---------- Supplied records ----------

(* Let $p\in(0,1)$ and let $g$ be a function with $g(n)\ge 2$. Any procedure that, for every source string $s\in\{0,1\}^n$, recovers the $g(n)$-subword deck of $s$ with high probability from independent traces of $s$ must use $\Omega(np(1-p))$ traces.
   Context: Deletion channel: for $s\in\{0,1\}^n$ and deletion probability $p$, a trace of $s$ is obtained by deleting each bit of $s$ independently with probability $p$; distinct traces are independent. The $k$-subword deck of $s$ is the multiset of length-$k$ substrings $\{s[i:i+k-1]: i=1,\dots,n-k+1\}$. *)

From mathcomp Require Import all_boot all_order all_algebra.
From mathcomp Require Import reals.
Set Implicit Arguments. Unset Strict Implicit. Unset Printing Implicit Defensive.
Import Order.TTheory GRing.Theory Num.Theory.
Local Open Scope ring_scope.

(* The k-subword deck of s: the list (to be compared up to permutation, i.e.
   as a multiset) of the length-k substrings s[i : i+k-1], i = 1..n-k+1. *)
Definition deck (k : nat) (s : seq bool) : seq (seq bool) :=
  [seq take k (drop i s) | i <- iota 0 (size s - k).+1].

(* Probability (under the deletion channel with deletion prob. p) of a given
   retention pattern m : {ffun 'I_n -> bool} (true = bit kept). *)
Definition mask_prob (R : realType) (p : R) (n : nat) (m : {ffun 'I_n -> bool}) : R :=
  \prod_(i < n) (if m i then 1 - p else p).

Definition trace_of (n : nat) (s : n.-tuple bool) (m : {ffun 'I_n -> bool}) : seq bool :=
  mask [seq m i | i <- enum 'I_n] s.

Definition success_prob (R : realType) (p : R) (n T k : nat)
    (A : seq (seq bool) -> seq (seq bool)) (s : n.-tuple bool) : R :=
  \sum_(M : {ffun 'I_T -> {ffun 'I_n -> bool}})
     (\prod_(j < T) mask_prob p (M j)) *
     (perm_eq (A [seq trace_of s (M j) | j <- enum 'I_T]) (deck k s))%:R.

From mathcomp Require Import all_boot all_order all_algebra.
From mathcomp Require Import reals.
From mathcomp Require Import ring lra zify.
Import Order.TTheory GRing.Theory Num.Theory.
Set Implicit Arguments. Unset Strict Implicit. Unset Printing Implicit Defensive.

(* Take a = n/2 (rounded down) and the block strings 0^a 1^(n-a) and
   0^(a+1) 1^(n-a-1). Their k-decks differ (the total number of ones over all
   windows drops), so a procedure recovering decks with probability 2/3 is a test
   telling T traces of one string from T traces of the other. A trace of 0^x 1^y
   is 0^X 1^Y with X ~ Bin(x, 1-p) and Y ~ Bin(y, 1-p) independent. Relative to the
   reference law Bin(a+1, 1-p) x Bin(n-a, 1-p), both trace laws have chi-square
   moment (sum of v^2/w) at most 1 + 2(1-p)/(np), and for T independent traces the
   moment is raised to the power T. By Cauchy-Schwarz a test with error 1/3 then
   needs (1 + 2(1-p)/(np))^T >= 37/36, and Bernoulli's inequality gives
   T >= np/(74(1-p)) >= np(1-p)/74. *)

Definition zeros_ones (x y : nat) : seq bool := nseq x false ++ nseq y true.

Lemma count_take_zeros_ones j a b : count id (take j (zeros_ones a b)) = minn (j - a) b.
Proof.
rewrite /zeros_ones take_cat size_nseq; case: ltnP => ja.
  by rewrite take_nseq ?count_nseq /=; lia.
rewrite count_cat !count_nseq /= mul0n add0n.
case: (leqP (j - a) b) => jab.
  by rewrite take_nseq // count_nseq /=; lia.
by rewrite take_oversize ?size_nseq ?count_nseq /=; lia.
Qed.

Lemma ltn_sum_ord n (F G : 'I_n -> nat) i0 :
  (forall i, F i <= G i) -> F i0 < G i0 -> \sum_i F i < \sum_i G i.
Proof.
move=> leFG ltFG0; rewrite (bigD1 i0) //= [X in _ < X](bigD1 i0) //= -addSn.
by rewrite leq_add // leq_sum.
Qed.

Lemma sum_count_deck_zeros_ones n k a : a <= n -> k <= n ->
  \sum_(w <- deck k (zeros_ones a (n - a))) count id w =
  \sum_(i < (n - k).+1) (minn (i + k - a) (n - a) - minn (i - a) (n - a)).
Proof.
move=> an kn; rewrite big_map size_cat !size_nseq subnKC //.
rewrite -[iota 0 _]/(index_iota 0 (n - k).+1) big_mkord; apply: eq_bigr => i _.
by rewrite -!count_take_zeros_ones takeD count_cat addKn.
Qed.

(* Turning the first 1 into a 0 lowers the number of ones in every window, and
   strictly in the windows covering it, so the total over the deck drops. *)
Lemma deck_zeros_ones_neq n k a : 0 < k <= n -> a < n ->
  ~~ perm_eq (deck k (zeros_ones a (n - a))) (deck k (zeros_ones a.+1 (n - a.+1))).
Proof.
move=> /andP [k0 kn] an; apply/negP => /(perm_big _) ones_eq.
move: (ones_eq _ addn 0 predT (count id)).
rewrite !sum_count_deck_zeros_ones ?(ltnW an) // => /eqP; apply/negP.
rewrite neq_ltn; apply/orP; right.
by apply: (@ltn_sum_ord _ _ _ (inord (a.+1 - k))) => [i|]; rewrite ?inordK; lia.
Qed.

Lemma mask_nseq (T : Type) m k (x : T) :
  mask m (nseq k x) = nseq (count id (take k m)) x.
Proof. by elim: k m => [|k IH] [|[] m] //=; rewrite IH. Qed.

Lemma count_zeros_ones x y : count negb (zeros_ones x y) = x /\ count id (zeros_ones x y) = y.
Proof. by rewrite !count_cat !count_nseq /= mul1n mul0n addn0 mul1n. Qed.

Lemma size_zeros_ones x y : size (zeros_ones x y) = x + y.
Proof. by rewrite size_cat !size_nseq. Qed.

Definition block_tuple n a (a_le_n : a <= n) : n.-tuple bool :=
  Tuple (introT eqP (etrans (size_zeros_ones a (n - a)) (subnKC a_le_n))).

Lemma trace_of_block_tuple n a (a_le_n : a <= n) (m : {ffun 'I_n -> bool}) :
  exists x y, [/\ trace_of (block_tuple a_le_n) m = zeros_ones x y, x <= a & y <= n - a].
Proof.
rewrite /trace_of /= /zeros_ones; set bits := [seq m i | i <- enum 'I_n].
have size_bits : size bits = n by rewrite size_map size_enum_ord.
rewrite -(cat_take_drop a bits) mask_cat ?size_takel ?size_bits ?size_nseq //.
rewrite !mask_nseq; do 2!eexists; split; first by [].
  by rewrite (leq_trans (count_size _ _)) // size_take_min geq_minl.
by rewrite (leq_trans (count_size _ _)) // size_take_min geq_minl.
Qed.

Local Open Scope ring_scope.

Definition pushforward (R : nzSemiRingType) (O1 : finType) (O2 : eqType)
    (mu : O1 -> R) (f : O1 -> O2) (y : O2) : R :=
  \sum_x mu x * (f x == y)%:R.

Section ProductMeasures.
Variable R : comNzRingType.

Lemma sum_ffun_prod (I O : finType) (h : O -> R) :
  \sum_(t : {ffun I -> O}) \prod_j h (t j) = (\sum_x h x) ^+ #|I|.
Proof. by rewrite -prodr_const bigA_distr_bigA. Qed.

Lemma sum_ffun_prod_pushforward (I O1 O2 : finType) (mu : O1 -> R) (f : O1 -> O2)
    (F : {ffun I -> O2} -> R) :
  \sum_(M : {ffun I -> O1}) (\prod_j mu (M j)) * F [ffun j => f (M j)] =
  \sum_(t : {ffun I -> O2}) (\prod_j pushforward mu f (t j)) * F t.
Proof.
under [RHS]eq_bigr => t _ do rewrite bigA_distr_bigA big_distrl /=.
rewrite exchange_big /=; apply: eq_bigr => M _.
rewrite (bigD1 [ffun j => f (M j)]) //= [X in _ + X]big1 ?addr0.
  by congr (_ * _); apply: eq_bigr => j _; rewrite ffunE eqxx mulr1.
move=> t /eqP neq_t; have [j fMj | fM] := pickP (fun j => f (M j) != t j).
  by rewrite (bigD1 j) //= (negbTE fMj) mulr0 !mul0r.
by case: neq_t; apply/ffunP => j; rewrite ffunE; move/negbFE/eqP: (fM j).
Qed.

Definition prod_pmf (O1 O2 : finType) (f : O1 -> R) (g : O2 -> R) (i : O1 * O2) : R :=
  f i.1 * g i.2.

Lemma sum_prod_pmf (O1 O2 : finType) (f : O1 -> R) (g : O2 -> R) :
  \sum_i prod_pmf f g i = (\sum_x f x) * (\sum_y g y).
Proof.
rewrite -(pair_bigA _ (fun x y => f x * g y)) big_distrl.
by apply: eq_bigr => x _; rewrite big_distrr.
Qed.

End ProductMeasures.

Section ChiSquare.
Variable R : realFieldType.

(* Cauchy-Schwarz in L^2(w): expand 0 <= \sum_x w x ((v x - w x) / w x - B F x)^2
   with B the difference of expectations. *)
Lemma chi2_test_bound (O : finType) (v w F : O -> R) :
  (forall x, 0 < w x) -> \sum_x w x = 1 -> \sum_x v x = 1 ->
  (forall x, 0 <= F x <= 1) ->
  (\sum_x v x * F x - \sum_x w x * F x) ^+ 2 <= \sum_x v x ^+ 2 / w x - 1.
Proof.
move=> w_gt0 sum_w sum_v F01.
have w_neq0 x : w x != 0 by rewrite gt_eqF.
have -> : \sum_x v x * F x - \sum_x w x * F x = \sum_x (v x - w x) * F x.
  by rewrite -sumrB; apply: eq_bigr => x _; rewrite mulrBl.
have -> : \sum_x v x ^+ 2 / w x - 1 = \sum_x (v x - w x) ^+ 2 / w x.
  have -> : \sum_x (v x - w x) ^+ 2 / w x = \sum_x (v x ^+ 2 / w x - 2 * v x + w x).
    by apply: eq_bigr => x _; have wx := w_neq0 x; field.
  by rewrite !big_split /= sumrN -mulr_sumr sum_v sum_w; ring.
set B := \sum_x (v x - w x) * F x; set X := \sum_x (v x - w x) ^+ 2 / w x.
set C := \sum_x w x * F x ^+ 2.
have C_le1 : C <= 1.
  rewrite -sum_w; apply: ler_sum => x _; have /andP [F0 F1] := F01 x.
  by rewrite -[leRHS]mulr1 (ler_wpM2l (ltW (w_gt0 x))) // exprn_ile1.
have : 0 <= \sum_x w x * ((v x - w x) / w x - B * F x) ^+ 2.
  by apply: sumr_ge0 => x _; rewrite mulr_ge0 ?sqr_ge0 ?ltW.
have -> : \sum_x w x * ((v x - w x) / w x - B * F x) ^+ 2 =
    \sum_x ((v x - w x) ^+ 2 / w x - 2 * B * ((v x - w x) * F x) +
            B ^+ 2 * (w x * F x ^+ 2)).
  by apply: eq_bigr => x _; have wx := w_neq0 x; field.
rewrite !big_split /= sumrN -!mulr_sumr -/B -/X -/C; nra.
Qed.

Definition iid_expect (I O : finType) (v : O -> R) (F : {ffun I -> O} -> R) : R :=
  \sum_(t : {ffun I -> O}) (\prod_j v (t j)) * F t.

----------

Task prompt:
Reproduce the entries above exactly, but only the lines between the line holding "Lemma size_zeros_ones x" and the line holding "Lemma sum_prod_pmf (O1", inclusive.

Written answer:
Lemma size_zeros_ones x y : size (zeros_ones x y) = x + y.
Proof. by rewrite size_cat !size_nseq. Qed.

Definition block_tuple n a (a_le_n : a <= n) : n.-tuple bool :=
  Tuple (introT eqP (etrans (size_zeros_ones a (n - a)) (subnKC a_le_n))).

Lemma trace_of_block_tuple n a (a_le_n : a <= n) (m : {ffun 'I_n -> bool}) :
  exists x y, [/\ trace_of (block_tuple a_le_n) m = zeros_ones x y, x <= a & y <= n - a].
Proof.
rewrite /trace_of /= /zeros_ones; set bits := [seq m i | i <- enum 'I_n].
have size_bits : size bits = n by rewrite size_map size_enum_ord.
rewrite -(cat_take_drop a bits) mask_cat ?size_takel ?size_bits ?size_nseq //.
rewrite !mask_nseq; do 2!eexists; split; first by [].
  by rewrite (leq_trans (count_size _ _)) // size_take_min geq_minl.
by rewrite (leq_trans (count_size _ _)) // size_take_min geq_minl.
Qed.

Local Open Scope ring_scope.

Definition pushforward (R : nzSemiRingType) (O1 : finType) (O2 : eqType)
    (mu : O1 -> R) (f : O1 -> O2) (y : O2) : R :=
  \sum_x mu x * (f x == y)%:R.

Section ProductMeasures.
Variable R : comNzRingType.

Lemma sum_ffun_prod (I O : finType) (h : O -> R) :
  \sum_(t : {ffun I -> O}) \prod_j h (t j) = (\sum_x h x) ^+ #|I|.
Proof. by rewrite -prodr_const bigA_distr_bigA. Qed.

Lemma sum_ffun_prod_pushforward (I O1 O2 : finType) (mu : O1 -> R) (f : O1 -> O2)
    (F : {ffun I -> O2} -> R) :
  \sum_(M : {ffun I -> O1}) (\prod_j mu (M j)) * F [ffun j => f (M j)] =
  \sum_(t : {ffun I -> O2}) (\prod_j pushforward mu f (t j)) * F t.
Proof.
under [RHS]eq_bigr => t _ do rewrite bigA_distr_bigA big_distrl /=.
rewrite exchange_big /=; apply: eq_bigr => M _.
rewrite (bigD1 [ffun j => f (M j)]) //= [X in _ + X]big1 ?addr0.
  by congr (_ * _); apply: eq_bigr => j _; rewrite ffunE eqxx mulr1.
move=> t /eqP neq_t; have [j fMj | fM] := pickP (fun j => f (M j) != t j).
  by rewrite (bigD1 j) //= (negbTE fMj) mulr0 !mul0r.
by case: neq_t; apply/ffunP => j; rewrite ffunE; move/negbFE/eqP: (fM j).
Qed.

Definition prod_pmf (O1 O2 : finType) (f : O1 -> R) (g : O2 -> R) (i : O1 * O2) : R :=
  f i.1 * g i.2.

Lemma sum_prod_pmf (O1 O2 : finType) (f : O1 -> R) (g : O2 -> R) :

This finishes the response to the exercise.